→ Try it
If a line in the entries below includes the string "simultaneous", copy it out.
Provided records START
(* Let $M$ be an $n\times n$ Hermitian positive definite matrix which is irreducible. If the argument of each non-zero off-diagonal entry of $-M$ lies in $\left(-\frac{\pi}{2^n},\frac{\pi}{2^n}\right)$, then each entry of $M^{-1}$ has argument in $\left(-\frac{\pi}{2}+\frac{\pi}{2^n},\ \frac{\pi}{2}-\frac{\pi}{2^n}\right)$.
   Context: A square matrix is irreducible if it cannot be brought into block-diagonal form (with at least two diagonal blocks) by a simultaneous permutation of its rows and columns. *)

From HB Require Import structures.
From mathcomp Require Import all_boot all_order all_algebra all_fingroup.
From mathcomp Require Import complex.
From mathcomp Require Import reals trigo.
Set Implicit Arguments. Unset Strict Implicit. Unset Printing Implicit Defensive.
Import Order.TTheory GRing.Theory Num.Theory.
Local Open Scope ring_scope.

(* Principal argument of z = a + i b in (-pi, pi]:
   Arg z = acos (a/|z|) if b >= 0, and - acos (a/|z|) if b < 0.
   (Its value at z = 0 is irrelevant: we always require z != 0.) *)
Definition Arg {R : realType} (z : R[i]) : R :=
  let r := Num.sqrt (complex.Re z ^+ 2 + complex.Im z ^+ 2) in
  if 0 <= complex.Im z then acos (complex.Re z / r) else - acos (complex.Re z / r).

Definition arg_in {R : realType} (z : R[i]) (a b : R) : Prop :=
  z != 0 /\ a < Arg z < b.

Definition adjmx {R : realType} (n : nat) (M : 'M[R[i]]_n) : 'M[R[i]]_n :=
  (map_mx (@conjc R) M)^T.

Definition hermitian_mx {R : realType} (n : nat) (M : 'M[R[i]]_n) : Prop :=
  adjmx M = M.

(* x^* M x is a positive real for every non-zero x (0 < w in R[i] means
   w is real and positive). *)
Definition posdef_mx {R : realType} (n : nat) (M : 'M[R[i]]_n) : Prop :=
  forall x : 'cV[R[i]]_n, x != 0 ->
    0 < ((map_mx (@conjc R) x)^T *m M *m x) 0 0.

(* M is reducible_mx iff, after a simultaneous permutation s of rows and
   columns, it is block diagonal with (at least) two diagonal blocks, of sizes
   k and n - k with 0 < k < n: every entry (i, j) of the permuted matrix with
   i, j in different blocks is zero. *)
Definition reducible_mx {R : realType} (n : nat) (M : 'M[R[i]]_n) : Prop :=
  exists (s : 'S_n) (k : nat), (0 < k < n)%N /\
    forall i j : 'I_n, (i < k)%N != (j < k)%N ->
      col_perm s (row_perm s M) i j = 0.

Definition irreducible_mx {R : realType} (n : nat) (M : 'M[R[i]]_n) : Prop :=
  ~ reducible_mx M.

(* Let [sector a] be the closed sector {z | cos a |z| <= Re z}: 0 and the z with
   |Arg z| <= a. For a, b in [0, pi/2], sectors are closed under sums and
   sector a * sector b lies in sector (a + b); for a < pi/2 a sum of elements of
   sector a vanishes only if every summand does.
   Suppose the off-diagonal entries of -M lie in sector t. Eliminating the last
   index, the Schur complement N = M' - b b^* / d has the off-diagonal entries of
   -N in sector 2t, N^-1 is the leading principal block of M^-1, and the last
   column of M^-1 is -N^-1 b / d. By induction on n the off-diagonal entries of
   M^-1 lie in sector ((2^(n-1) - 1) t) and the diagonal ones are positive; for
   t < pi/2^n this is strictly inside the sector of half-angle pi/2 - pi/2^n.
   Irreducibility, inherited by N, keeps all these entries non-zero. *)

From HB Require Import structures.
From mathcomp Require Import all_boot all_order all_algebra all_fingroup.
From mathcomp Require Import complex.
From mathcomp Require Import reals trigo.
From mathcomp Require Import ring lra.
Import Order.TTheory GRing.Theory Num.Theory ComplexField.Normc.
Set Implicit Arguments. Unset Strict Implicit. Unset Printing Implicit Defensive.
Local Open Scope ring_scope.

Section Sector.
Variable R : realType.
Local Notation C := R[i].
Implicit Types (a b : R) (z w : C).

Lemma ler_cos a b : 0 <= a -> a <= b -> b <= pi -> cos b <= cos a.
Proof.
move=> a0 ab bpi; have [->//|neab] := eqVneq a b.
rewrite ltW // ltr_cos; first by rewrite lt_neqAle neab.
  by rewrite in_itv /=; lra.
by rewrite in_itv /=; lra.
Qed.

Definition sector a z : Prop := cos a * normc z <= complex.Re z.

Lemma normc_ReIm z : normc z = Num.sqrt (complex.Re z ^+ 2 + complex.Im z ^+ 2).
Proof. by case: z. Qed.

Lemma normc_ge0 z : 0 <= normc z.
Proof. by rewrite normc_ReIm sqrtr_ge0. Qed.

Lemma normc_gt0 z : z != 0 -> 0 < normc z.
Proof.
move=> nz; rewrite lt_neqAle normc_ge0 andbT eq_sym.
by apply: contra nz => /eqP/eq0_normc ->.
Qed.

Lemma sqr_normc_ReIm z : normc z ^+ 2 = complex.Re z ^+ 2 + complex.Im z ^+ 2.
Proof. by rewrite normc_ReIm sqr_sqrtr // addr_ge0 // sqr_ge0. Qed.

Lemma Re_le_normc z : `|complex.Re z| <= normc z.
Proof.
rewrite -ler_sqr ?nnegrE ?normc_ge0 // sqr_normc_ReIm real_normK ?num_real //.
by rewrite lerDl sqr_ge0.
Qed.

Lemma ReD z w : complex.Re (z + w) = complex.Re z + complex.Re w.
Proof. by case: z; case: w. Qed.

Lemma sector0 a : sector a 0.
Proof. by rewrite /sector normc0 mulr0. Qed.

Lemma sector_gt0 z : 0 < z -> sector 0 z.
Proof.
case: z => x y; rewrite ltcE /= => /andP [/eqP -> x0].
by rewrite /sector /= cos0 mul1r expr0n addr0 sqrtr_sqr ger0_norm // ltW.
Qed.

Lemma sectorJ a z : sector a z -> sector a z^*%C.
Proof. by case: z => x y; rewrite /sector /= sqrrN. Qed.

Lemma sector_le a b z : 0 <= a <= b -> b <= pi -> sector a z -> sector b z.
Proof.
move=> /andP [a0 ab] bpi; apply: le_trans.
by rewrite ler_wpM2r ?normc_ge0 ?ler_cos.
Qed.

Lemma sector_Re_ge0 a z : 0 <= cos a -> sector a z -> 0 <= complex.Re z.
Proof. by move=> c0; apply: le_trans; rewrite mulr_ge0 ?normc_ge0. Qed.

Lemma sector_Re_gt0 a z : 0 < cos a -> sector a z -> z != 0 -> 0 < complex.Re z.
Proof. by move=> c0 hz nz; apply: lt_le_trans hz; rewrite mulr_gt0 ?normc_gt0. Qed.

Lemma sectorD a z w : 0 <= cos a -> sector a z -> sector a w -> sector a (z + w).
Proof.
move=> c0 hz hw; rewrite /sector ReD; apply: le_trans (lerD hz hw).
by rewrite -mulrDr ler_wpM2l // le_normcD.
Qed.

Lemma sector_sum a (I : finType) (P : pred I) (F : I -> C) :
  0 <= cos a -> (forall i, P i -> sector a (F i)) -> sector a (\sum_(i | P i) F i).
Proof.
move=> c0 hF; apply: (big_ind (sector a)) => //; first exact: sector0.
by move=> z w; apply: sectorD.
Qed.

Lemma sectorD_neq0 a z w : 0 < cos a -> sector a z -> sector a w ->
  z != 0 \/ w != 0 -> z + w != 0.
Proof.
move=> c0 hz hw nz; apply: contraTneq isT => zw0.
have := congr1 (@complex.Re R) zw0; rewrite ReD /=.
have := sector_Re_ge0 (ltW c0) hz; have := sector_Re_ge0 (ltW c0) hw.
by case: nz => [/(sector_Re_gt0 c0 hz) | /(sector_Re_gt0 c0 hw)]; lra.
Qed.

Lemma sector_sum_neq0 a (I : finType) (F : I -> C) k :
  0 < cos a -> (forall i, sector a (F i)) -> F k != 0 -> \sum_i F i != 0.
Proof.
move=> c0 hF nz; rewrite (bigD1 k) //=; apply: sectorD_neq0 (hF k) _ (or_introl nz) => //.
by apply: sector_sum => [|i _]; [exact: ltW | exact: hF].
Qed.

(* The sector bounds on the real parts bound the imaginary parts by [sin],
   and [cos (a + b) = cos a cos b - sin a sin b] does the rest. *)
Lemma sectorM a b z w : 0 <= a <= pi / 2 -> 0 <= b <= pi / 2 ->
  sector a z -> sector b w -> sector (a + b) (z * w).
Proof.
have pi0 := pi_gt0 R.
have Im_le a' z' : 0 <= a' <= pi / 2 -> sector a' z' ->
    `|complex.Im z'| <= sin a' * normc z'.
  move=> /andP [a0 api] hz; have c0 : 0 <= cos a' by rewrite cos_ge0_pihalf ?api; lra.
  have s0 : 0 <= sin a' by rewrite sin_ge0_pi //; lra.
  have r0 := normc_ge0 z'; have csr0 : 0 <= cos a' * normc z' by rewrite mulr_ge0.
  rewrite -ler_sqr ?nnegrE ?mulr_ge0 // real_normK ?num_real //.
  have := cos2Dsin2 a'; have := sqr_normc_ReIm z'.
  have : (cos a' * normc z') ^+ 2 <= complex.Re z' ^+ 2.
    by rewrite ler_sqr ?nnegrE ?(le_trans csr0).
  rewrite !exprMn; nra.
move=> ha hb hz hw; have Iz := Im_le _ _ ha hz; have Iw := Im_le _ _ hb hw.
have ca : 0 <= cos a by case/andP: ha => ? ?; rewrite cos_ge0_pihalf //; lra.
have cb : 0 <= cos b by case/andP: hb => ? ?; rewrite cos_ge0_pihalf //; lra.
rewrite /sector normcM cosD mulrBl.
have -> : complex.Re (z * w) = complex.Re z * complex.Re w - complex.Im z * complex.Im w.
  by case: z {hz Iz}; case: w {hw Iw}.
apply: lerB.
  by rewrite mulrACA ler_pM ?mulr_ge0 ?normc_ge0.
rewrite mulrACA; apply: le_trans (ler_norm _) _; rewrite normrM.
by rewrite ler_pM ?normr_ge0.
Qed.

End Sector.

Section AbsArg.
Variable R : realType.
Implicit Types (a b : R) (z : R[i]).

(* [abs_Arg z = |Arg z|] for [z != 0]. *)
Definition abs_Arg z : R := acos (complex.Re z / normc z).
Provided records END
→ Response to this task
   Context: A square matrix is irreducible if it cannot be brought into block-diagonal form (with at least two diagonal blocks) by a simultaneous permutation of its rows and columns. *)
(* M is reducible_mx iff, after a simultaneous permutation s of rows and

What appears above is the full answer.